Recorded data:
--
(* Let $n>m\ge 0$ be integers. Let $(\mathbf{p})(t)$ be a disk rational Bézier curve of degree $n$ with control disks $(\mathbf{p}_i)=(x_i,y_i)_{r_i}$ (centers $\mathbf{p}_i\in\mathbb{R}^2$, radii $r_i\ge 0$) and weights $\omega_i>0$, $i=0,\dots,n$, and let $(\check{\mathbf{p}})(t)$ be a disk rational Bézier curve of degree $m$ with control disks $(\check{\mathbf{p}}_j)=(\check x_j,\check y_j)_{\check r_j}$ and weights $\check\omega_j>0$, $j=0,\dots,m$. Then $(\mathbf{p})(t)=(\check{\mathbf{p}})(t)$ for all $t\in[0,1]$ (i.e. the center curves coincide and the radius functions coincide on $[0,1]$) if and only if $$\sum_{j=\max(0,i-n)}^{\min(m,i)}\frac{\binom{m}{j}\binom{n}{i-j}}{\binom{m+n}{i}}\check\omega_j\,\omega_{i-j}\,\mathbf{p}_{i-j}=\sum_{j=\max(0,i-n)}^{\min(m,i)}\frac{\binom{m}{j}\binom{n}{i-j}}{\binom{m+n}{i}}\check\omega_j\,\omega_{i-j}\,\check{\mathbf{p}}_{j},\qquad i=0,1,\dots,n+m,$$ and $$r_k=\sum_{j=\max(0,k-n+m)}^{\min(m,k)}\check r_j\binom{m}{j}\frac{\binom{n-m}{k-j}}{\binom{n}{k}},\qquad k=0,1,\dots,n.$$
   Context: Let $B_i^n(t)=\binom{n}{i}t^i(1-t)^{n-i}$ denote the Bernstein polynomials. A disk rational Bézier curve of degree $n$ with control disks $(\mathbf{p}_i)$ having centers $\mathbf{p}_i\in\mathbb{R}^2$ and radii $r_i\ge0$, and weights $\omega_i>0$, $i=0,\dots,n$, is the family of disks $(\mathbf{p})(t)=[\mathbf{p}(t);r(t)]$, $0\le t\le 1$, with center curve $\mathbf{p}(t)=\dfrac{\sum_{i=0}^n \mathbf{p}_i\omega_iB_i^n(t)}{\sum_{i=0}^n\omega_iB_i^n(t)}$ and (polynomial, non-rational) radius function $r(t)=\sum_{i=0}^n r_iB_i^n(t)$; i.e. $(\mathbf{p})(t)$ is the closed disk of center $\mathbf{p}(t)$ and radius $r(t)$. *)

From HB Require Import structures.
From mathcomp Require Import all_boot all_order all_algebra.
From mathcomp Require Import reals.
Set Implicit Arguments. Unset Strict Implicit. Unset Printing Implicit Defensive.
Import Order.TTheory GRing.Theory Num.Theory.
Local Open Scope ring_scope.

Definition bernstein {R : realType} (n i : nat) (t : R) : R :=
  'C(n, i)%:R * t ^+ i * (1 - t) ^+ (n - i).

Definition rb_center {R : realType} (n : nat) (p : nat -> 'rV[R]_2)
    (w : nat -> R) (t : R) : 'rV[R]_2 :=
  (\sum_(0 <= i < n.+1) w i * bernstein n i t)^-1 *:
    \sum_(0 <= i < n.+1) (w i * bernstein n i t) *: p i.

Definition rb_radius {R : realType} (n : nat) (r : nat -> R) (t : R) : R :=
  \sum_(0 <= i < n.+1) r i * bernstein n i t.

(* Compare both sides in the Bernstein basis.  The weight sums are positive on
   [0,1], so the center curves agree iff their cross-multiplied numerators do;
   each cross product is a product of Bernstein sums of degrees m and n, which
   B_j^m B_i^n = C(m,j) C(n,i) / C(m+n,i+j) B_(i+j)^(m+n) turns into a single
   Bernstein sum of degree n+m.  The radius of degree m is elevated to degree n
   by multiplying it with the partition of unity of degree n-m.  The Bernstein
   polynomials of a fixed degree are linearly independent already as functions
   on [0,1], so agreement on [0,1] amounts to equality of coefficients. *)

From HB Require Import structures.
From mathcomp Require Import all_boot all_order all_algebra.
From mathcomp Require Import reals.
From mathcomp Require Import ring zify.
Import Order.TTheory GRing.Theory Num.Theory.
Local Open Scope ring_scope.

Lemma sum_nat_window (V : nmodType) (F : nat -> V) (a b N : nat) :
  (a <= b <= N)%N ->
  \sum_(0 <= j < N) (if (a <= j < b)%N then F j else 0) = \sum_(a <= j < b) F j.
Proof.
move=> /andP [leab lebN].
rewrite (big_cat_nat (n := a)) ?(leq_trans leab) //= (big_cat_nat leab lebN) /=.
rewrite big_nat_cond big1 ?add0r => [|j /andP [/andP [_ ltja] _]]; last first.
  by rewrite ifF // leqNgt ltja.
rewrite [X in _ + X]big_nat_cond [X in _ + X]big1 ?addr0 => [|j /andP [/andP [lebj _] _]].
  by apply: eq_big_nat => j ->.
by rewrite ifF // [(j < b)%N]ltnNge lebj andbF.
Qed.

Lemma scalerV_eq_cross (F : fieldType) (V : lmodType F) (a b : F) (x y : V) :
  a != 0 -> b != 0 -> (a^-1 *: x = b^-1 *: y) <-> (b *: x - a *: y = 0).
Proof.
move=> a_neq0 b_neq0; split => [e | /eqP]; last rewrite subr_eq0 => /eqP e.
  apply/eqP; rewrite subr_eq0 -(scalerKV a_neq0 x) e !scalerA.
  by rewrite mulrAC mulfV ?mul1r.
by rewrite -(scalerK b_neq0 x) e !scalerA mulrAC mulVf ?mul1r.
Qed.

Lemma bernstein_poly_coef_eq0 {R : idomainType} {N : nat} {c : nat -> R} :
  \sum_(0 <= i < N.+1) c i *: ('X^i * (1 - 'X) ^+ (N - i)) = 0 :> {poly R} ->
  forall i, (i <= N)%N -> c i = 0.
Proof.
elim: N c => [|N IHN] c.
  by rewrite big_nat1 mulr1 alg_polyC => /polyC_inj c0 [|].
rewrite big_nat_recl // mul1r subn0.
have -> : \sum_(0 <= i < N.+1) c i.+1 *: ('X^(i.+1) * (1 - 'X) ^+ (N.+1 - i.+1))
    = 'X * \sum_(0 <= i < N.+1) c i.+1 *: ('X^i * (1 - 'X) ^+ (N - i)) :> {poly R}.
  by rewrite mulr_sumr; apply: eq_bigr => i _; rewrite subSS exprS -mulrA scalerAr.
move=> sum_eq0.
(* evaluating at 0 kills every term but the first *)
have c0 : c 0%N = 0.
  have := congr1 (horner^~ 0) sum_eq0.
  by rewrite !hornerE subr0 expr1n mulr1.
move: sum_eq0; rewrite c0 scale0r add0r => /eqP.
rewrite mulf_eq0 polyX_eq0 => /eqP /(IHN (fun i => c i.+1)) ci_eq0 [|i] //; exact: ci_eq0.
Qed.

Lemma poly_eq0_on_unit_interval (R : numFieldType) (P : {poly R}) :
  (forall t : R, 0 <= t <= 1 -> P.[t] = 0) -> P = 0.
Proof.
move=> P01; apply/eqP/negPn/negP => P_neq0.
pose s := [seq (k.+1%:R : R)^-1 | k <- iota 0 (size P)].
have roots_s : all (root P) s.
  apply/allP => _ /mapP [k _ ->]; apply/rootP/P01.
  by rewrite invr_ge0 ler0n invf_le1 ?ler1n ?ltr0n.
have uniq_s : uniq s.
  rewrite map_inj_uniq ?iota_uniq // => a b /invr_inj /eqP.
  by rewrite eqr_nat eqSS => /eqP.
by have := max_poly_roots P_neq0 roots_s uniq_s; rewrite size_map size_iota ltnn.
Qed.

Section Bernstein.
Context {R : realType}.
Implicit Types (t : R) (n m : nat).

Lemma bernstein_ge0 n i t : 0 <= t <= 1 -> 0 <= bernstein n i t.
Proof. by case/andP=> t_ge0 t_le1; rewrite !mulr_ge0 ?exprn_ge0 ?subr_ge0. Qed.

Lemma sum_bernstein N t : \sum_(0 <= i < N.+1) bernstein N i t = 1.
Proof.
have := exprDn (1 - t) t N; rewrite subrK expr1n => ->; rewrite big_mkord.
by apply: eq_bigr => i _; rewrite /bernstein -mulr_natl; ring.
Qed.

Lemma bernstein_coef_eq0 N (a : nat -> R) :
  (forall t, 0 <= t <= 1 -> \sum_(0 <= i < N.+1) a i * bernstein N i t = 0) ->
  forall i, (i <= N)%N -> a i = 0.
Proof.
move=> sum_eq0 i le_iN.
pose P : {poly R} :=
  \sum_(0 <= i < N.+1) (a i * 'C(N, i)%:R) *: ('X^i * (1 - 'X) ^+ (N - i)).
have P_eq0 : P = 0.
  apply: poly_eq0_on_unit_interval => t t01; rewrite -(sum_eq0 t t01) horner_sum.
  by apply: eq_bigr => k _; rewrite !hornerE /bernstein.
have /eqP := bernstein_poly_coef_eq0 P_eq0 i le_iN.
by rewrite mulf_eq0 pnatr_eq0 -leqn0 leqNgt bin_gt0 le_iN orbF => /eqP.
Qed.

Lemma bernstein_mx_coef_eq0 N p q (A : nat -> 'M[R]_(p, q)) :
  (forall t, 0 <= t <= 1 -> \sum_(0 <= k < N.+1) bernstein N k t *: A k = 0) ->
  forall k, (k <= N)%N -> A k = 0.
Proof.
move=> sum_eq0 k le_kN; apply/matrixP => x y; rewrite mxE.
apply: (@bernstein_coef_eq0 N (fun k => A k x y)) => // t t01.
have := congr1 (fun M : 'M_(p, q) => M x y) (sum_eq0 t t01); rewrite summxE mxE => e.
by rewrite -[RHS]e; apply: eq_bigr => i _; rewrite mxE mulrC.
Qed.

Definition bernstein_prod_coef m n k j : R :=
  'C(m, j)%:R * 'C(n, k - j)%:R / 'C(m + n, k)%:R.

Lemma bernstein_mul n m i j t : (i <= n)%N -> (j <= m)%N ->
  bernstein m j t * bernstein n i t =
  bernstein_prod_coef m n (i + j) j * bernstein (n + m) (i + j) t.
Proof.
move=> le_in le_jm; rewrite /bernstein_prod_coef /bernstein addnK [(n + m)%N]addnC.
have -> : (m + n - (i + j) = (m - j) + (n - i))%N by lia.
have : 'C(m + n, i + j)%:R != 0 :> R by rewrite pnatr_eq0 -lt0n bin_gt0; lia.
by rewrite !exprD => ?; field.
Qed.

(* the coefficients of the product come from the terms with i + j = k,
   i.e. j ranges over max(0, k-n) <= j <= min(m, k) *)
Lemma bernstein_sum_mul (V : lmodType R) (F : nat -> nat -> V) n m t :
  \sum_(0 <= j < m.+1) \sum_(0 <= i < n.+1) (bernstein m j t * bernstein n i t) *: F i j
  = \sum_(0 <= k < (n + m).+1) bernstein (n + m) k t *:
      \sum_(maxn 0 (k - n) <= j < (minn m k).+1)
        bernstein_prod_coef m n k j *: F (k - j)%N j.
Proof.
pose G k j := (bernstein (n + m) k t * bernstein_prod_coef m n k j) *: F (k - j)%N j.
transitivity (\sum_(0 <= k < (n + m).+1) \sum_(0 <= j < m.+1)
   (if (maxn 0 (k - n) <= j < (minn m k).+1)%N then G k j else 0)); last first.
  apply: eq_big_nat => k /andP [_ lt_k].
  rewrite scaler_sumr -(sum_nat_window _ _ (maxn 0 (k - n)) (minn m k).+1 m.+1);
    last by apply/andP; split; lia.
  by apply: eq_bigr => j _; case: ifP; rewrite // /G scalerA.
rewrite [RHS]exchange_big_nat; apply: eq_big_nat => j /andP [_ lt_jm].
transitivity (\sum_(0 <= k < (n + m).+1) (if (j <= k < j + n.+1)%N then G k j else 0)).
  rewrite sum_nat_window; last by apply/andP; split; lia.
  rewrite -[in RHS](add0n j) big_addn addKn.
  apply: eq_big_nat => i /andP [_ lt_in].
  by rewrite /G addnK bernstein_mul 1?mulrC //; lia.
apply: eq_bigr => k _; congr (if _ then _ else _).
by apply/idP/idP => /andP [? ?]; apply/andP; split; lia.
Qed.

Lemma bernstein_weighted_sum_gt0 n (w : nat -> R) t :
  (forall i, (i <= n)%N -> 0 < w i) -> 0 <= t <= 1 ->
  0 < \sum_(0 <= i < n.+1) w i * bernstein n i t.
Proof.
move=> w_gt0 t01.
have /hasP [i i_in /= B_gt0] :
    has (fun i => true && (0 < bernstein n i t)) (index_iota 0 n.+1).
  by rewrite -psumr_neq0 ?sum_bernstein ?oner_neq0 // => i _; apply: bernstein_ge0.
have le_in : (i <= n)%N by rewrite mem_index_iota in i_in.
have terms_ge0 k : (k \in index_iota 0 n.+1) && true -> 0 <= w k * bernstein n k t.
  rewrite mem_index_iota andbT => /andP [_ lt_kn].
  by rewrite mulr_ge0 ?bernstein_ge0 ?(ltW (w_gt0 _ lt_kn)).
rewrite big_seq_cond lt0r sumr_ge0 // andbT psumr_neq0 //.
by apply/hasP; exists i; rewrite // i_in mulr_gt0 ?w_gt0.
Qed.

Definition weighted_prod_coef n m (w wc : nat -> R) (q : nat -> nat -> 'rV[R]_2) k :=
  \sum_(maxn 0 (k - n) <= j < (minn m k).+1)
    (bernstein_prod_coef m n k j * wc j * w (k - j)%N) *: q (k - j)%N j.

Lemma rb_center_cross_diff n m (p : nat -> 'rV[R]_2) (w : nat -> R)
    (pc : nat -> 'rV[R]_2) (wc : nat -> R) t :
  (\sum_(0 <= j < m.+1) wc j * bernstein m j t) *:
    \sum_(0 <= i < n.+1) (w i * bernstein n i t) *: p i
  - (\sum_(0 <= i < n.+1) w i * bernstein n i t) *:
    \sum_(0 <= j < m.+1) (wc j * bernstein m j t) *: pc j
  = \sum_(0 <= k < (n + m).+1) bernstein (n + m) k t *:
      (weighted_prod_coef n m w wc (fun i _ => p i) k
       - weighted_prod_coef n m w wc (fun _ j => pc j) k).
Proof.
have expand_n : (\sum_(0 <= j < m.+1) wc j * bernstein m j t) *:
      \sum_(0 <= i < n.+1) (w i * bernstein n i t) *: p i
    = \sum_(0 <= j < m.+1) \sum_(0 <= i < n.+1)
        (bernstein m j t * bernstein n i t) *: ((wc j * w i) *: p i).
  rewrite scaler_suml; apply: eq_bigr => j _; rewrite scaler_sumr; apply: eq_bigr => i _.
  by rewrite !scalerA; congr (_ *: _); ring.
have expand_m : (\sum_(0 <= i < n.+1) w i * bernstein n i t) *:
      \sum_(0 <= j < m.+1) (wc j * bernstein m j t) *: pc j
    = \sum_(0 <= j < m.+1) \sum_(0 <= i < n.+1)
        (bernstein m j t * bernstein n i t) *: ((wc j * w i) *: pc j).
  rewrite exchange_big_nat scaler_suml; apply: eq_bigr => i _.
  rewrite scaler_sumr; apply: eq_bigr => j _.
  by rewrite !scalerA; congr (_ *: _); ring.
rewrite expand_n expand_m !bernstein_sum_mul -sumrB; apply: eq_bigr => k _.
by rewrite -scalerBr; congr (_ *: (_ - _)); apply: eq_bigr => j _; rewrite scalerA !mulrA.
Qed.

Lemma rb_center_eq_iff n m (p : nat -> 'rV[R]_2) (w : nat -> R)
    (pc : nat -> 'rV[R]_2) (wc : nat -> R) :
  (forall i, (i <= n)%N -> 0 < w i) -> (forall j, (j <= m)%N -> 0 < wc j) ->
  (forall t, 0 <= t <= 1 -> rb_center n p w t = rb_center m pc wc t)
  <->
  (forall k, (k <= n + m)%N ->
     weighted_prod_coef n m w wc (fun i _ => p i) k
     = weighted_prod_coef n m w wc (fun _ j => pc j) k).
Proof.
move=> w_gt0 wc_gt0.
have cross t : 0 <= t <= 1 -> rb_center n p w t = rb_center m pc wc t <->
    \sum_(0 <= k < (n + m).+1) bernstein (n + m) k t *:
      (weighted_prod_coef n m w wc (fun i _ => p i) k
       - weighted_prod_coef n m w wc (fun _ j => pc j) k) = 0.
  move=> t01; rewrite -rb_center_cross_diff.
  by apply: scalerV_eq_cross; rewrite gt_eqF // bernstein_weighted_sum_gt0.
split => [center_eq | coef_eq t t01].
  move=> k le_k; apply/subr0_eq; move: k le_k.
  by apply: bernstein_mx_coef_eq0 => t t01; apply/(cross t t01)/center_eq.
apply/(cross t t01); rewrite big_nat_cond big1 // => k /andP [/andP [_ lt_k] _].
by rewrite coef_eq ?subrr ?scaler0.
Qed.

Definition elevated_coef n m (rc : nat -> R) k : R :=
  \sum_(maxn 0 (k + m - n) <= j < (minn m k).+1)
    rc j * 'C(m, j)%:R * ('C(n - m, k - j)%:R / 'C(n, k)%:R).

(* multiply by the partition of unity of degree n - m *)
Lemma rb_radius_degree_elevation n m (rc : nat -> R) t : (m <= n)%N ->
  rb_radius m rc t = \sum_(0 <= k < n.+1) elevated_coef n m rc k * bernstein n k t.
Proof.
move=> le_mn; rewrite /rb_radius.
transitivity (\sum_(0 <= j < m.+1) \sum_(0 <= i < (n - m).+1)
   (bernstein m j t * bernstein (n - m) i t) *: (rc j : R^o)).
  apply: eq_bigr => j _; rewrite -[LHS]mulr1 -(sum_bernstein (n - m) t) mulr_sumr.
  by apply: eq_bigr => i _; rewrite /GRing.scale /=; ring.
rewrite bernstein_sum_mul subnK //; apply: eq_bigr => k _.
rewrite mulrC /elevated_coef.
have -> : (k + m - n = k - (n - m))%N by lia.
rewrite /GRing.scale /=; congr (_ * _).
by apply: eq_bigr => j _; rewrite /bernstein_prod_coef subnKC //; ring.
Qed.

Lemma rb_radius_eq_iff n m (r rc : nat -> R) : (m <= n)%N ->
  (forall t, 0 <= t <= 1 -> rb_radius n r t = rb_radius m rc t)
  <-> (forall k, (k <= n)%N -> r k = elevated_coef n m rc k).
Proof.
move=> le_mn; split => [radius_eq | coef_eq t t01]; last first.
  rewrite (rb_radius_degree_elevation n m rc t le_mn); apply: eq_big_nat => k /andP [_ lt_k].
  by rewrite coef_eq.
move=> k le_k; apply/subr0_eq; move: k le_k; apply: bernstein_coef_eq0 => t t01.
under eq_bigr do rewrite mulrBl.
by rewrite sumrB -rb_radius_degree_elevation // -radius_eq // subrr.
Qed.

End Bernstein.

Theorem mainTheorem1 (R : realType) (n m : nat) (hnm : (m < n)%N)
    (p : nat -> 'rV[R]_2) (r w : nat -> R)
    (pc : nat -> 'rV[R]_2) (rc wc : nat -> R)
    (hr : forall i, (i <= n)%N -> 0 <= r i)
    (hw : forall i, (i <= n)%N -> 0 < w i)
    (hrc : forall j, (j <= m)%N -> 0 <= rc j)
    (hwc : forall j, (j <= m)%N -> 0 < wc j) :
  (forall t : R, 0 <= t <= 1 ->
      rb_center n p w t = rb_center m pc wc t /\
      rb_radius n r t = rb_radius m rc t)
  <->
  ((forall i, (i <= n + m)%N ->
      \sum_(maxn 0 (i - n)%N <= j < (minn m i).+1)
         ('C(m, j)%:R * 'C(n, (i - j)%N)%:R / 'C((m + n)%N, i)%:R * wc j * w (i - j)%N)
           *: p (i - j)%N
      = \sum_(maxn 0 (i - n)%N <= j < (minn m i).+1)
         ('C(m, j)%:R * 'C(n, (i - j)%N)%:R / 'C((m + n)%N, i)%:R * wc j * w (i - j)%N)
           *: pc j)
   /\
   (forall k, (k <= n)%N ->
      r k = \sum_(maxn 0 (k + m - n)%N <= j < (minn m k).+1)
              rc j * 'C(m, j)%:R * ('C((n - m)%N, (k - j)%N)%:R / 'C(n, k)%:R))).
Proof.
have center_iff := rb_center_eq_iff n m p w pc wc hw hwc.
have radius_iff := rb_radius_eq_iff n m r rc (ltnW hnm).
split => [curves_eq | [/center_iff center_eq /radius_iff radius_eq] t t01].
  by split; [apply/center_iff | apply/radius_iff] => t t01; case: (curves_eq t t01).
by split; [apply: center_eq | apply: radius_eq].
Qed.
--
Problem to work on
Out of the records above, pick each line that contains the string "pose".

Your solution
pose s := [seq (k.+1%:R : R)^-1 | k <- iota 0 (size P)].
pose P : {poly R} :=
pose G k j := (bernstein (n + m) k t * bernstein_prod_coef m n k j) *: F (k - j)%N j.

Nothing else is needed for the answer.